Portion of genetic testing services qualifies as a Sec. 213(d) medical expense

By Lauren Bikoff, MLS

Ancestry-related services provided through genetic testing do not fall under the medical care definition, only the health reports qualify.

In Private Letter Ruling (PLR) 201933005, the IRS has concluded that the health-related portion of genetic testing services would qualify as medical care under IRC Sec. 213(d). The IRS notes that PLRs are intended only for the taxpayers that request them and cannot be used or cited as precedent (Private Letter Ruling, August 16, 2019).

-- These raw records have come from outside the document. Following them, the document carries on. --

Definition gr_in (b : option nat) (x : seq nat -> F) : Prop :=
  exists N : nat,
    match b with Some n => (N <= n)%N | None => True end /\
    forall s, x s != 0 -> sorted ltn s /\ all (fun i => (i < N)%N) s.

Definition gr0 : seq nat -> F := fun _ => 0.
Definition gr1 : seq nat -> F := fun s => if s is [::] then 1 else 0.
Definition gr_add (x y : seq nat -> F) : seq nat -> F := fun s => x s + y s.
Definition gr_scale (a : F) (x : seq nat -> F) : seq nat -> F :=
  fun s => a * x s.

(* number of inversions of the shuffle given by m: pairs of positions i < j
   with position i going to the right factor and j to the left factor *)
Definition gr_inv (k : nat) (m : k.-tuple bool) : nat :=
  (\sum_(i < k) \sum_(j < k) ((i < j)%N && ~~ tnth m i && tnth m j))%N.

(* Grassmann product: e_S e_T = 0 if S, T meet, else sign * e_{S u T} *)
Definition gr_mul (x y : seq nat -> F) : seq nat -> F := fun s =>
  if sorted ltn s then
    \sum_(m : (size s).-tuple bool)
       (-1) ^+ gr_inv m * x (mask m s) * y (mask (map negb m) s)
  else 0.

Definition is_RB (b : option nat) (lam : F)
  (R : (seq nat -> F) -> (seq nat -> F)) : Prop :=
  (forall x, gr_in b x -> gr_in b (R x)) /\
  (forall a x y, gr_in b x -> gr_in b y ->
     R (gr_add (gr_scale a x) y) = gr_add (gr_scale a (R x)) (R y)) /\
  (forall x y, gr_in b x -> gr_in b y ->
     gr_mul (R x) (R y) =
     R (gr_add (gr_add (gr_mul (R x) y) (gr_mul x (R y)))
               (gr_scale lam (gr_mul x y)))).

(* A is a (not necessarily unital) subalgebra of Gr *)
Definition is_subalg (b : option nat) (A : (seq nat -> F) -> Prop) : Prop :=
  (forall x, A x -> gr_in b x) /\ A gr0 /\
  (forall a x y, A x -> A y -> A (gr_add (gr_scale a x) y)) /\
  (forall x y, A x -> A y -> A (gr_mul x y)).

Definition splitting (b : option nat) (lam : F)
  (R : (seq nat -> F) -> (seq nat -> F)) : Prop :=
  exists A1 A2 : (seq nat -> F) -> Prop,
    is_subalg b A1 /\ is_subalg b A2 /\
    (forall x, gr_in b x -> exists a1 a2, A1 a1 /\ A2 a2 /\ x = gr_add a1 a2) /\
    (forall x, A1 x -> A2 x -> x = gr0) /\
    (forall a1 a2, A1 a1 -> A2 a2 -> R (gr_add a1 a2) = gr_scale (- lam) a2).

End Grassmann.

From HB Require Import structures.
From mathcomp Require Import all_boot all_order all_algebra.
From mathcomp Require Import ring zify.
From Stdlib Require Import ClassicalEpsilon FunctionalExtensionality.
Set Implicit Arguments. Unset Strict Implicit. Unset Printing Implicit Defensive.
Import Order.TTheory GRing.Theory Num.Theory.
Local Open Scope ring_scope.

(* Rescaling by [-1/lam] reduces to weight [-1].  For such an operator [P] put
   [a = P 1]; the Rota-Baxter identity with [x = 1] reads
   [a P(y) = P(a y + P(y) - y)], the same recursion that multiplication by [X]
   satisfies with the indefinite sum [S] ([S p(X) - S p(X - 1) = p(X)],
   [S p(0) = 0]).  Hence [P(p(a)) = (S p)(a)] for every polynomial [p], and the
   annihilator of [a] in [F[X]] is an [S]-stable proper ideal.  As [a - a_0] is
   nilpotent, it contains a power of [X - a_0]; if [(X - a_0)^j] is the least
   one, then [S((X - a_0)^j)] is divisible by the coprime [(X - a_0)^j] and
   [(X - a_0 + 1)^j], so [j = 1] by degrees.  Thus [a] is the scalar [a_0], and
   [a^2 = P(2a - 1)] forces [a_0 = 0] or [1].  Then [R (R y) = -lam R y], so Gr
   is the direct sum of the subalgebras [ker R] and [ker (R + lam)]. *)

Section IndefiniteSummation.
Variable F : fieldType.
Hypothesis charF0 : [pchar F] =i pred0.

Lemma natr_inj_pchar0 : injective (fun n : nat => n%:R : F).
Proof.
have natr_eq0 k : (k%:R : F) = 0 -> k = 0%N.
  by move/eqP; rewrite ((pcharf0P _).1 charF0) => /eqP.
move=> m n /= mn; wlog le_mn : m n mn / (m <= n)%N.
  by move=> W; case: (leqP m n) => [|/ltnW] /W->.
apply/eqP; rewrite eqn_leq le_mn /= -subn_eq0; apply/eqP/natr_eq0.
by rewrite natrB // mn subrr.
Qed.

Definition backdiff (u : {poly F}) : {poly F} := u - (u \Po ('X - 1%:P)).

Lemma backdiff_lin (c : F) (u v : {poly F}) :
  backdiff (c *: u + v) = c *: backdiff u + backdiff v.
Proof. rewrite /backdiff linearP /= -!mul_polyC; ring. Qed.

Lemma backdiffD (u v : {poly F}) : backdiff (u + v) = backdiff u + backdiff v.
Proof. by have := backdiff_lin 1 u v; rewrite !scale1r. Qed.

Lemma backdiffC (c : F) : backdiff c%:P = 0.
Proof. by rewrite /backdiff comp_polyC subrr. Qed.

Lemma backdiffXM (q : {poly F}) :
  backdiff ('X * q) = 'X * backdiff q + (q \Po ('X - 1%:P)).
Proof. rewrite /backdiff comp_polyM comp_polyX; ring. Qed.

Lemma comp_XsubC_top (c : F) (q : {poly F}) n : (size q <= n.+1)%N ->
  (size (q \Po ('X - c%:P)) <= n.+1)%N /\ (q \Po ('X - c%:P))`_n = q`_n.
Proof.
have size_Xc : size ('X - c%:P) = 2 by rewrite size_XsubC.
move=> le_qn; rewrite size_comp_poly2 //; split => //.
have [lt_nq|le_qn'] := ltnP n (size q); last first.
  by rewrite !nth_default // size_comp_poly2.
have szq : size q = n.+1 by apply/eqP; rewrite eqn_leq le_qn lt_nq.
have := @lead_coef_comp _ q ('X - c%:P); rewrite size_Xc => /(_ isT).
by rewrite lead_coefXsubC expr1n mulr1 !lead_coefE size_comp_poly2 // szq.
Qed.

(* The top coefficients of [backdiff] are those of the derivative. *)
Lemma backdiff_top n (u : {poly F}) : (size u <= n.+1)%N ->
  (size (backdiff u) <= n)%N /\ (backdiff u)`_n.-1 = n%:R * u`_n.
Proof.
elim/poly_ind: u n => [|p c IH] n le_un.
  by rewrite /backdiff comp_poly0 subrr size_poly0 !coef0 mulr0.
have le_pn : (size p <= n)%N.
  move: le_un; rewrite size_MXaddC.
  by case: ifP => [/andP[/eqP-> _]|_] //; rewrite size_poly0.
rewrite (mulrC p) backdiffD backdiffC addr0 backdiffXM.
case: n le_pn {le_un} => [|n] le_pn.
  move: le_pn; rewrite size_poly_leq0 mul0r => /eqP->.
  by rewrite /backdiff !comp_poly0 subrr mulr0 addr0 size_poly0 coef0.
have [IHsize IHcoef] := IH n le_pn; have [Csize Ccoef] := comp_XsubC_top 1 le_pn.
rewrite polyC1 in Csize Ccoef; split.
  apply: (leq_trans (size_polyD _ _)); rewrite geq_max Csize andbT.
  by move: (size_polyMleq 'X (backdiff p)); rewrite size_polyX; lia.
rewrite /= !coefD !coefXM Ccoef coefC /= addr0.
have -> : (if n == 0%N then 0 else (backdiff p)`_n.-1) = n%:R * p`_n.
  by case: (n) IHcoef => [|k] /=; [rewrite mul0r | move=> ->].
by rewrite -[n.+1%:R]natr1 mulrDl mul1r.
Qed.

Lemma size_leq_top_coef0 (r : {poly F}) n :
  (size r <= n.+1)%N -> r`_n = 0 -> (size r <= n)%N.
Proof.
move=> le_rn rn0; rewrite leqNgt; apply/negP => lt_nr.
have szr : size r = n.+1 by apply/eqP; rewrite eqn_leq le_rn lt_nr.
have : lead_coef r == 0 by rewrite lead_coefE szr rn0.
by rewrite lead_coef_eq0 => /eqP r0; move: szr; rewrite r0 size_poly0.
Qed.

Lemma backdiff_surj n (p : {poly F}) : (size p <= n)%N ->
  exists u, [&& backdiff u == p, u.[0] == 0 & (size u <= n.+1)%N].
Proof.
elim: n p => [|n IH] p le_pn.
  move: le_pn; rewrite size_poly_leq0 => /eqP->; exists 0.
  by rewrite /backdiff comp_poly0 subrr horner0 size_poly0 !eqxx.
pose v := (p`_n / n.+1%:R) *: 'X^(n.+1).
have le_v : (size v <= n.+2)%N by rewrite (leq_trans (size_scale_leq _ _)) ?size_polyXn.
have [Dv_size Dv_top] := backdiff_top le_v.
have n1_neq0 : (n.+1%:R : F) != 0 by rewrite ((pcharf0P _).1 charF0).
have [|w /and3P[/eqP Dw /eqP w0 le_w]] := IH (p - backdiff v).
  apply: size_leq_top_coef0.
    by rewrite (leq_trans (size_polyD _ _)) // geq_max (leq_trans le_pn) // size_polyN.
  by rewrite coefB Dv_top /v coefZ coefXn eqxx mulr1 mulrC divfK ?subrr.
exists (v + w); rewrite backdiffD Dw addrC subrK eqxx hornerD w0 addr0.
rewrite /v hornerZ hornerXn expr0n mulr0 eqxx /=.
by rewrite (leq_trans (size_polyD _ _)) // geq_max le_v (leq_trans le_w).
Qed.

(* The indefinite sum: the unique [u] with [u(X) - u(X - 1) = p] and [u(0) = 0]. *)
Definition antidiff (p : {poly F}) : {poly F} :=
  xchoose (backdiff_surj (leqnn (size p))).

Lemma antidiff_spec (p : {poly F}) : [&& backdiff (antidiff p) == p,
  (antidiff p).[0] == 0 & (size (antidiff p) <= (size p).+1)%N].
Proof. exact: (xchooseP (backdiff_surj (leqnn (size p)))). Qed.

Lemma antidiffK : cancel antidiff backdiff.
Proof. by move=> p; case/and3P: (antidiff_spec p) => /eqP. Qed.

Lemma antidiff_at0 (p : {poly F}) : (antidiff p).[0] = 0.
Proof. by case/and3P: (antidiff_spec p) => _ /eqP. Qed.

Lemma size_antidiff (p : {poly F}) : (size (antidiff p) <= (size p).+1)%N.
Proof. by case/and3P: (antidiff_spec p). Qed.

Lemma backdiff_eq0 (u : {poly F}) : backdiff u = 0 -> u.[0] = 0 -> u = 0.
Proof.
move=> /eqP; rewrite subr_eq0 => /eqP uT u0.
have u_nat k : u.[k%:R] = 0.
  elim: k => // k IHk.
  by rewrite {1}uT horner_comp !hornerE -natr1 addrK IHk.
apply: (@roots_geq_poly_eq0 _ _ [seq (i%:R : F) | i <- iota 0 (size u)]).
- by apply/allP => _ /mapP[i _ ->]; rewrite /root u_nat.
- by rewrite map_inj_uniq ?iota_uniq //; apply: natr_inj_pchar0.
- by rewrite size_map size_iota.
Qed.

Lemma antidiff_unique (u p : {poly F}) :
  backdiff u = p -> u.[0] = 0 -> u = antidiff p.
Proof.
move=> Du u0; apply/eqP; rewrite -subr_eq0; apply/eqP/backdiff_eq0.
  have := backdiff_lin (-1) (antidiff p) u.
  by rewrite !scaleN1r antidiffK Du addrC => ->; rewrite addNr.
by rewrite hornerD hornerN u0 antidiff_at0 subrr.
Qed.
(* For every forest $F$, the support of $\mathcal{M}_f(\cdot;F)$ is $A(F)$. Moreover, list the elements of $A=A(F)$ as $a_1,\dots,a_k$ in increasing order of progeny (so $a_k=r_1$). Then: (a) if $k=1$, $\mathcal{M}_f(r_1;F)=\frac12$; (b) if $k\ge2$, then $\mathcal{M}_f(a_i;F)=\frac12\log_2\frac{P(a_i)}{P(a_{i-1})}$ for all $1<i\le k$, and $\frac12\log_2\frac{2P(a_1)}{P^*}\le\mathcal{M}_f(a_1;F)\le\frac12$.
   Context: Let $N$ be a finite, totally ordered set of vertices. A directed forest on $N$ is a directed acyclic graph on $N$ with every out-degree at most $1$. For a forest $F$: roots are vertices with no out-edge; $T(x;F)$ is the subtree rooted at $x$ (vertices with a directed path to $x$, including $x$); $P(x)=P(x;F)=|T(x;F)|$; $P^*=\max_xP(x;F)$; $\underline{P}(x;F)=\max_{y\in T(x;F)\setminus\{x\}}P(y;F)$; $F_x$ is $F$ with the out-edge of $x$ removed (if any). Write $P(x)\succ P(y)$ iff $P(x)>P(y)$ or ($P(x)=P(y)$ and $x<y$); $r_1(F)$ is the root of $F$ maximal for $\succ$. $A(F)=\{x\in N:x=r_1(F_x)\}$ (this set forms a directed path in $F$ ending at $r_1$). The mechanism $\mathcal{M}_f$: on roots, $\mathcal{M}_f(r_1(F);F)=1/2$ if $|A(F)|=1$, $=\frac12\log_2\frac{P(r_1)}{\underline{P}(r_1)}$ if $|A(F)|\ge2$, and $\mathcal{M}_f(r;F)=0$ for all other roots $r$; on a non-root $x$, $\mathcal{M}_f(x;F)=\mathcal{M}_f(x;F_x)$. *)

From mathcomp Require Import all_boot.
From Stdlib Require Import Reals.
Set Implicit Arguments.
Unset Strict Implicit.
Unset Printing Implicit Defensive.

(* The finite totally ordered vertex set N is 'I_n with its natural order.
   A directed graph with out-degree <= 1 is a parent map F : 'I_n -> option 'I_n
   (F x = Some y  iff  x -> y is the out-edge of x). *)
Definition graph (n : nat) := {ffun 'I_n -> option 'I_n}.

Definition step n (F : graph n) (o : option 'I_n) : option 'I_n :=
  if o is Some v then F v else None.

(* acyclic: following out-edges from any vertex, one reaches a root within n steps *)
Definition is_forest n (F : graph n) : Prop :=
  forall x : 'I_n, iter n (step F) (Some x) = None.

(* y is in T(x;F): there is a directed path (of length k <= n) from y to x *)
Definition inT n (F : graph n) (x y : 'I_n) : bool :=
  [exists k : 'I_n.+1, iter k (step F) (Some y) == Some x].

Definition P n (F : graph n) (x : 'I_n) : nat := #|[set y | inT F x y]|.

Definition Pstar n (F : graph n) : nat := \max_(x : 'I_n) P F x.

(* underline P(x;F) = max over y in T(x;F)\{x} of P(y;F)  (0 if that set is empty) *)
Definition Pbar n (F : graph n) (x : 'I_n) : nat :=
  \max_(y : 'I_n | inT F x y && (y != x)) P F y.

Definition remove n (F : graph n) (x : 'I_n) : graph n :=
  [ffun y => if y == x then None else F y].

Definition is_root n (F : graph n) (x : 'I_n) : bool := F x == None.

Definition succ_pref n (F : graph n) (x y : 'I_n) : bool :=
  (P F y < P F x) || ((P F x == P F y) && (x < y)).

(* r_1(F): the root maximal for the order above (None only when N is empty) *)
Definition r1 n (F : graph n) : option 'I_n :=
  [pick r | is_root F r && [forall s, (is_root F s && (s != r)) ==> succ_pref F r s]].

Definition Aset n (F : graph n) : {set 'I_n} := [set x | r1 (remove F x) == Some x].

Definition log2 (t : R) : R := (ln t / ln 2)%R.

Definition M_root n (G : graph n) (r : 'I_n) : R :=
  if r1 G == Some r then
    (if #|Aset G| == 1 then (/2)%R
     else (/2 * log2 (INR (P G r) / INR (Pbar G r)))%R)
  else 0%R.

(* M_f(x;F): for roots, M_root; for non-roots, M_f(x;F_x) where x is a root of F_x.
   Since F_x = F when x is a root, uniformly M_f(x;F) = M_root F_x x. *)
Definition Mf n (F : graph n) (x : 'I_n) : R := M_root (remove F x) x.

(* The subtree order of a forest is a partial order whose sets of ancestors are chains, and
   P strictly decreases along it. Deleting the out-edge of y detaches T(y): the progeny of
   each proper ancestor of y drops by P(y) and nothing else changes.
   An element y of A(F) must beat the rest of its own tree once T(y) is detached, so
   P(r1) <= 2 P(y). Since every element of A(F) lies below r1, this makes A(F) a chain closed
   under ancestors, and it makes the largest subtree strictly below a_i (i > 1) equal to
   T(a_(i-1)): any other one is inside T(a_(i-1)) or disjoint from it, hence of size at most
   P(r1) - P(a_(i-1)) <= P(a_(i-1)). Applied in F_x, the same bound gives P(x) <= 2 P̲(x),
   i.e. M_f <= 1/2. Below a_1 nothing lies in A(F), so for a proper descendant d of a_1
   either the root of its tree beats d in F_d, giving 2 P(d) <= P^*, or another root t
   does; then the second element of A(F_(a_1)), which has at most half the progeny of the
   tree of a_1, beats t and hence d, and again 2 P(d) <= P^*. *)

From mathcomp Require Import all_boot zify.
From Stdlib Require Import Reals Lra.

Set Implicit Arguments.
Unset Strict Implicit.
Unset Printing Implicit Defensive.

Lemma card_gt1_other (T : finType) (S : {set T}) x : x \in S ->
  reflect (exists2 y, y \in S & y != x) (1 < #|S|).
Proof.
move=> Sx; rewrite (cardsD1 x) Sx add1n ltnS card_gt0.
apply: (iffP (set0Pn _)) => [[y]|[y Sy yx]]; last by exists y; rewrite !inE yx.
by rewrite !inE => /andP[yx Sy]; exists y.
Qed.

Lemma sorted_onth_leq (T : Type) (f : T -> nat) (s : seq T) i j a b :
  sorted (fun x y => f x <= f y) s -> i <= j ->
  onth s i = Some a -> onth s j = Some b -> f a <= f b.
Proof.
move=> s_sorted ij sa sb; have js : j < size s by rewrite -onthTE sb.
rewrite -(onth_nth a _ _ _ sa) -(onth_nth a _ _ _ sb).
have f_trans : transitive (fun x y => f x <= f y) by move=> ? ? ?; apply: leq_trans.
have := sorted_leq_nth f_trans (fun _ => leqnn _) a s_sorted.
by apply; rewrite ?inE ?(leq_ltn_trans ij).
Qed.

Lemma onth_uniq_neq (T : eqType) (s : seq T) i j a b : uniq s -> i != j ->
  onth s i = Some a -> onth s j = Some b -> a != b.
Proof.
move=> s_uniq ij sa sb; apply: contra ij => /eqP ab.
have js : j < size s by rewrite -onthTE sb.
by apply/eqP/(onth_inj s i j s_uniq (leq_ltn_trans (geq_minl _ _) js)); rewrite sa sb ab.
Qed.

Lemma onth_last (T : Type) (s : seq T) j a : onth s j = Some a ->
  exists b, onth s (size s).-1 = Some b /\ j <= (size s).-1.
Proof.
move=> sj; have js : j < size s by rewrite -onthTE sj.
case sl: (onth s (size s).-1) => [b|]; first by exists b; split=> //; lia.
by move: (onthTE s (size s).-1); rewrite sl => /esym/negbT; rewrite -leqNgt; lia.
Qed.

Section Log2.
Local Open Scope R_scope.

Lemma log2_le u v : 0 < u -> u <= v -> log2 u <= log2 v.
Proof.
move=> u_gt0 uv; rewrite /log2; apply: Rmult_le_compat_r.
  by apply/Rlt_le/Rinv_0_lt_compat; have := ln_lt_2; lra.
by case: (Rle_lt_or_eq_dec _ _ uv) => [/(ln_increasing _ _ u_gt0)|->]; lra.
Qed.

Lemma log2_gt0 u : 1 < u -> 0 < log2 u.
Proof.
move=> u_gt1; rewrite /log2; apply: Rdiv_lt_0_compat; last by have := ln_lt_2; lra.
by rewrite -ln_1; apply: ln_increasing; lra.
Qed.

Lemma log2_2 : log2 2 = 1.
Proof. have := ln_lt_2; rewrite /log2 => ln2_gt0; field; lra. Qed.

Lemma half_log2_ratio_gt0 (p q : nat) : (0 < q < p)%nat -> 0 < /2 * log2 (INR p / INR q).
Proof.
move=> /andP[/ltP/lt_INR q_gt0 /ltP/lt_INR qp]; rewrite /= in q_gt0.
apply: Rmult_lt_0_compat; first lra.
apply: log2_gt0; apply: (Rmult_lt_reg_r (INR q)) => //.
by rewrite Rmult_1_l /Rdiv Rmult_assoc Rinv_l; lra.
Qed.

Lemma half_log2_ratio_le (p q p' q' : nat) : (0 < p)%nat -> (0 < q)%nat -> (0 < q')%nat ->
  (p * q' <= p' * q)%nat -> /2 * log2 (INR p / INR q) <= /2 * log2 (INR p' / INR q').
Proof.
move=> /ltP/lt_INR p_gt0 /ltP/lt_INR q_gt0 /ltP/lt_INR q'_gt0 /leP/le_INR.
rewrite !mult_INR /= in p_gt0 q_gt0 q'_gt0 * => pq.
apply: Rmult_le_compat_l; first lra.
apply: log2_le; first exact: Rdiv_lt_0_compat.
apply: (Rmult_le_reg_r (INR q * INR q')); first nra.
by field_simplify; lra.
Qed.

Lemma half_log2_ratio_le_half (p q : nat) :
  (0 < p)%nat -> (0 < q)%nat -> (p <= 2 * q)%nat -> /2 * log2 (INR p / INR q) <= /2.
Proof.
move=> p_gt0 q_gt0 pq.
have := half_log2_ratio_le (p' := 2) p_gt0 q_gt0 (isT : (0 < 1)%nat).
rewrite muln1 => /(_ pq); rewrite (_ : INR 2 / INR 1 = 2) ?log2_2; first lra.
by rewrite /=; field.
Qed.

End Log2.

Section Forest.
Variables (n : nat) (F : graph n).
Hypothesis HF : is_forest F.
Implicit Types x y z r t : 'I_n.

Definition ancestor k z := iter k (step F) (Some z).

Lemma iter_step_None k : iter k (step F) None = None.
Proof. by elim: k => //= k ->. Qed.

Lemma ancestorD j k z : ancestor (j + k) z = iter j (step F) (ancestor k z).
Proof. exact: iterD. Qed.

Lemma ancestor_ge k z : n <= k -> ancestor k z = None.
Proof. by move=> /subnK <-; rewrite ancestorD /ancestor HF iter_step_None. Qed.

Lemma inTP x z : reflect (exists k, ancestor k z = Some x) (inT F x z).
Proof.
apply: (iffP existsP) => [[k /eqP]|[k zx]]; first by exists k.
case: (ltnP k n.+1) => [kn|/ltnW/(ancestor_ge z)]; last by rewrite zx.
by exists (Ordinal kn); apply/eqP.
Qed.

The IRS letter is in response to a health flexible spending account (FSA) participant who is interested in purchasing genetic testing services and reports regarding ancestry and health. The participant asked the IRS if the amounts spent on the health-related services and reports and the DNA collection kit were a Sec. 213(d) expense. The taxpayer noted that the health-related services include genotyping using the collected DNA and reports providing lab results and general information intended to help individuals understand their health risks and encourage them to see their health care providers for further testing, diagnosis, or treatment.

The letter observes that under Sec. 213(d), medical care includes the diagnosis of disease, and the term diagnosis includes a determination that a disease is or is not present—even if performed without a physician’s recommendation on individuals not experiencing symptoms of illness. With respect to the genetic testing services about which the participant had inquired, some of the health-related services (e.g., genotyping) were medical care, while others were not (e.g., reports providing general information).

The IRS stressed that the ancestry-related services were not medical care. Thus, the participant will be required allocate the price of the DNA collection kit between the ancestry services and the health services using a percentage. In addition, the participant will have to use a reasonable method to value and allocate the cost of the health services between services that are medical care and non-medical services or items.